Provided data Start Marker
Theorem corollary2p4 (R : realType) (A : completeNormedModType (complex R))
    (B : BanachStarAlgebra A) (a : A) :
  gcEP_invertible B a <->
  (gDrazin_invertible B a /\
   exists b : A, is_gDrazin_inv B a b /\
     exists! q : A, projection B q /\ lann B b = lann B q).
Proof.
split=> [[x /is_gcEP_invP [x_ax2 ax_sa a_root]] |].
  pose p := (a : banach_ring B) * x.
  have p_proj : projection B p :=
    conj (esym (p_idem x_ax2 a_root (erefl p))) (esym ax_sa).
  have [b b_gD lann_bp] := gcEP_gDrazin x_ax2 a_root (erefl p).
  split; first by exists b.
  exists b; split=> //; exists p; split=> // q [q_proj lann_bq].
  by apply: (projection_lann_inj p_proj q_proj); rewrite -lann_bp.
move=> [_ [b [/is_gDrazin_invP [a_bb ab_ba a_root] [q [[[qq q_sa] lbq] _]]]]].
exists ((b : banach_ring B) * q).
exact: gDrazin_gcEP a_bb ab_ba a_root (esym qq) lbq (esym q_sa).
Qed.
(* For every $d\ge1$ and every $1\le i\le d$, $H_{i,d}>0$.
   Context: For integers $i,d\ge -1$ define $f_{-1,-1}=1$, $f_{-1,d}=0$ for $d\ge0$, $f_{i,-1}=0$ for $i\ge0$, and $f_{i,d}=(i+1)!\,S(d+1,i+1)$ for $i,d\ge0$, where $S(\cdot,\cdot)$ is the Stirling number of the second kind. For $d\ge0$ define rational numbers $F_{i,d}$, $-1\le i\le d$, by $F_{d,d}=1$ and recursively for $-1\le i\le d-1$, $F_{i,d}=\frac{1}{(d+1)!-(i+1)!}\sum_{j=i+1}^{d}f_{i,j}F_{j,d}$. Let $F_d(z)=\sum_{i=-1}^dF_{i,d}z^{d-i}$, and define the $H$-polynomial $H_d(z)=F_d(z-1)=\sum_{i=0}^{d+1}H_{i,d}z^{d+1-i}$, which defines the numbers $H_{i,d}$. *)

(* Paper indices i,d >= -1 are shifted by one: a = i+1, b = d+1. *)
From HB Require Import structures.
From mathcomp Require Import all_boot all_order all_algebra.
Set Implicit Arguments. Unset Strict Implicit. Unset Printing Implicit Defensive.
Import Order.TTheory GRing.Theory Num.Theory.
Local Open Scope ring_scope.

Fixpoint stirling2 (n k : nat) : nat :=
  match n, k with
  | 0, 0 => 1
  | 0, _.+1 => 0
  | _.+1, 0 => 0
  | n'.+1, k'.+1 => (k'.+1 * stirling2 n' k'.+1 + stirling2 n' k')%N
  end.

(* fsh a b = f_{a-1,b-1} of the paper. *)
Definition fsh (a b : nat) : rat :=
  match a, b with
  | 0, 0 => 1
  | 0, _.+1 => 0
  | _.+1, 0 => 0
  | a'.+1, b'.+1 => ((a'.+1)`! * stirling2 b'.+1 a'.+1)%:R
  end.

(* Ftail d n = [:: F_{d-n-1,d}; ...; F_{d,d}] (paper indices), built by the
   downward recursion F_{i,d} = ((d+1)! - (i+1)!)^-1 * sum_{j=i+1}^d f_{i,j} F_{j,d}. *)
Fixpoint Ftail (d n : nat) : seq rat :=
  match n with
  | 0 => [:: 1]
  | n'.+1 =>
      let s := Ftail d n' in
      let a := (d.+1 - n)%N in
      (((d.+1)`!)%:R - (a`!)%:R)^-1 *
        (\sum_(k < size s) fsh a (a + k.+1) * s`_k) :: s
  end.
Lemma star_quotient_ideal_quot :
  star_quotient star ideal_quot_star I (ideal_pi idealI).
Proof.
split; first by move=> s; exists (repr s); apply: ideal_pi_surj.
split=> a; first exact: ideal_pi_eq0.
apply/eqP; rewrite -subr_eq0 -rmorphB; apply/eqP/ideal_pi_eq0.
rewrite -starB //; apply/starI/(ideal_pi_eq0 idealI).
by rewrite rmorphB /= ideal_pi_surj subrr.
Qed.

End QuotientInvolution.

Local Close Scope quotient_scope.

Section NewtonStep.
Variable R : comPzRingType.
Implicit Type p : R.

Definition newton_step p := 3%:R * p ^+ 2 - 2%:R * p ^+ 3.

Lemma newton_step_defect p :
  newton_step p - newton_step p ^+ 2 = (p - p ^+ 2) ^+ 2 * (3%:R + 4%:R * (p - p ^+ 2)).
Proof. rewrite /newton_step; ring. Qed.

Lemma newton_step_sub p : newton_step p - p = (p - p ^+ 2) * (2%:R * p - 1).
Proof. rewrite /newton_step; ring. Qed.

End NewtonStep.

Definition newton_idem (k : nat) : {poly int} := iter k (@newton_step _) 'X.

Lemma newton_idem_defect k : exists c,
  newton_idem k - newton_idem k ^+ 2 = ('X - 'X ^+ 2) ^+ (2 ^ k) * c.
Proof.
elim: k => [|k [c IHc]]; first by exists 1; rewrite expn0 expr1 mulr1.
exists (c ^+ 2 * (3%:R + 4%:R * (newton_idem k - newton_idem k ^+ 2))).
by rewrite /= newton_step_defect IHc expnS mul2n -addnn exprD exprMn mulrA.
Qed.

Lemma newton_idem_subX k : exists c, newton_idem k - 'X = ('X - 'X ^+ 2) * c.
Proof.
elim: k => [|k [c IHc]]; first by exists 0; rewrite subrr mulr0.
have [d defect_k] := newton_idem_defect k.
have -> : newton_idem k.+1 - 'X =
    (newton_step (newton_idem k) - newton_idem k) + (newton_idem k - 'X).
  by rewrite addrA subrK.
rewrite newton_step_sub defect_k IHc -(prednK (expn_gt0 2 k)) exprS.
by exists (('X - 'X ^+ 2) ^+ (2 ^ k).-1 * d * (2%:R * newton_idem k - 1) + c); ring.
Qed.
Provided data End Marker
• _What the task asks_:
Only the lines above starting with the one with "(B : BanachStarAlgebra" and going through the one with "split; first by exists b." are to be copied, word for word and with both ends kept.

• _Output_:
    (B : BanachStarAlgebra A) (a : A) :
  gcEP_invertible B a <->
  (gDrazin_invertible B a /\
   exists b : A, is_gDrazin_inv B a b /\
     exists! q : A, projection B q /\ lann B b = lann B q).
Proof.
split=> [[x /is_gcEP_invP [x_ax2 ax_sa a_root]] |].
  pose p := (a : banach_ring B) * x.
  have p_proj : projection B p :=
    conj (esym (p_idem x_ax2 a_root (erefl p))) (esym ax_sa).
  have [b b_gD lann_bp] := gcEP_gDrazin x_ax2 a_root (erefl p).
  split; first by exists b.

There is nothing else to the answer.